● **GOAL OF THE EXERCISE**: State how many lines in the material hold the string "Hall"; nothing besides that number is expected.

● **ENTRIES SUPPLIED**:

^^^^^^^^^^^^^^^^

(* A set of points of generation at most N >= 1, meeting generation N and with two points,
   is not full: either cert_top N separates two of its points, or all its points share
   the profile of a generation-N point, placing the set inside the quad or inside {apex}. *)
Lemma not_full_top N (S : X1 * X2 * X3 -> Prop) : (1 <= N)%nat ->
  (exists k, S k /\ generation N k) ->
  (forall w, S w -> exists n, (n <= N)%nat /\ generation n w) ->
  (exists v w, S v /\ S w /\ v <> w) -> ~ full S.
Proof.
  intros HN (k & Hk & HkN) Hgen Htwo.
  assert (Hcases : forall w, S w ->
    (quad N w /\ profile (cert_top N) w = (1, -1, 0)) \/
    (w = apex N /\ profile (cert_top N) w = (0, -1, 1)) \/ profile (cert_top N) w = (0, 0, 0)).
  { intros w Hw; destruct (Hgen w Hw) as (n & Hn & Hg); exact (top_profile_cases N n w HN Hn Hg). }
  assert (Hd : annihilates (cert_top N) S).
  { intros w Hw; destruct (Hcases w Hw) as [[_ P] | [[_ P] | P]];
      rewrite (eval_of_profile _ _ _ _ _ P); lra. }
  destruct (classic (exists u, S u /\ profile (cert_top N) u <> profile (cert_top N) k))
    as [(u & Hu & Hne) | Hsame].
  { exact (not_full_of_profiles S (cert_top N) u k Hd Hu Hk Hne). }
  assert (Hk_profile : forall u, S u -> profile (cert_top N) u = profile (cert_top N) k).
  { intros u Hu; apply NNPP; eauto. }
  destruct HkN as [[-> _] | [_ [Hq | ->]]]; [lia | |].
  - apply (not_full_quad N S HN); [| exact Htwo].
    rewrite (cert_top_quad N k HN Hq) in Hk_profile.
    intros u Hu; destruct (Hcases u Hu) as [[Hqu _] | [[_ P] | P]]; [exact Hqu | |];
      rewrite (Hk_profile u Hu) in P; exfalso; revert P; profiles_differ.
  - rewrite (cert_top_apex N HN) in Hk_profile.
    assert (Hall : forall u, S u -> u = apex N).
    { intros u Hu; destruct (Hcases u Hu) as [[_ P] | [[-> _] | P]]; [| reflexivity |];
        rewrite (Hk_profile u Hu) in P; exfalso; revert P; profiles_differ. }
    destruct Htwo as (v & w & Hv & Hw & Hvw).
    contradiction (Hvw (eq_trans (Hall v Hv) (eq_sym (Hall w Hw)))).
Qed.

End Construction.

Theorem mainTheorem4 (X1 X2 X3 : Type)
  (x1 y1 : X1) (A D : nat -> X1) (x2 y2 : X2) (B E : nat -> X2)
  (x3 z3 : X3) (C : nat -> X3) :
  distinct_data x1 y1 A D x2 y2 B E x3 z3 C ->
  forall S : X1 * X2 * X3 -> Prop,
    (forall w, S w -> Tset x1 y1 A D x2 y2 B E x3 z3 C w) ->
    finite_set S ->
    (exists v w, S v /\ S w /\ v <> w) ->
    ~ full S.
Proof.
  intros Hdata S HT Hfin Htwo.
  assert (Hne : exists v, S v) by (destruct Htwo as (v & _ & Hv & _); exists v; exact Hv).
  destruct (top_generation x1 y1 A D x2 y2 B E x3 z3 C S HT Hfin Hne) as (N & Hk & Hgen).
  destruct (Nat.eq_dec N 0) as [-> | HN].
  - apply (not_full_gen0 x1 y1 A D x2 y2 B E x3 z3 C Hdata S); [| exact Htwo].
    intros w Hw; destruct (Hgen w Hw) as (n & Hn & [[_ H0] | [Hn1 _]]); [exact H0 | lia].
  - exact (not_full_top x1 y1 A D x2 y2 B E x3 z3 C Hdata N S ltac:(lia) Hk Hgen Htwo).
Qed.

^^^^^^^^^^^^^^^^

● **OUTPUT FOR THIS EXERCISE**: 2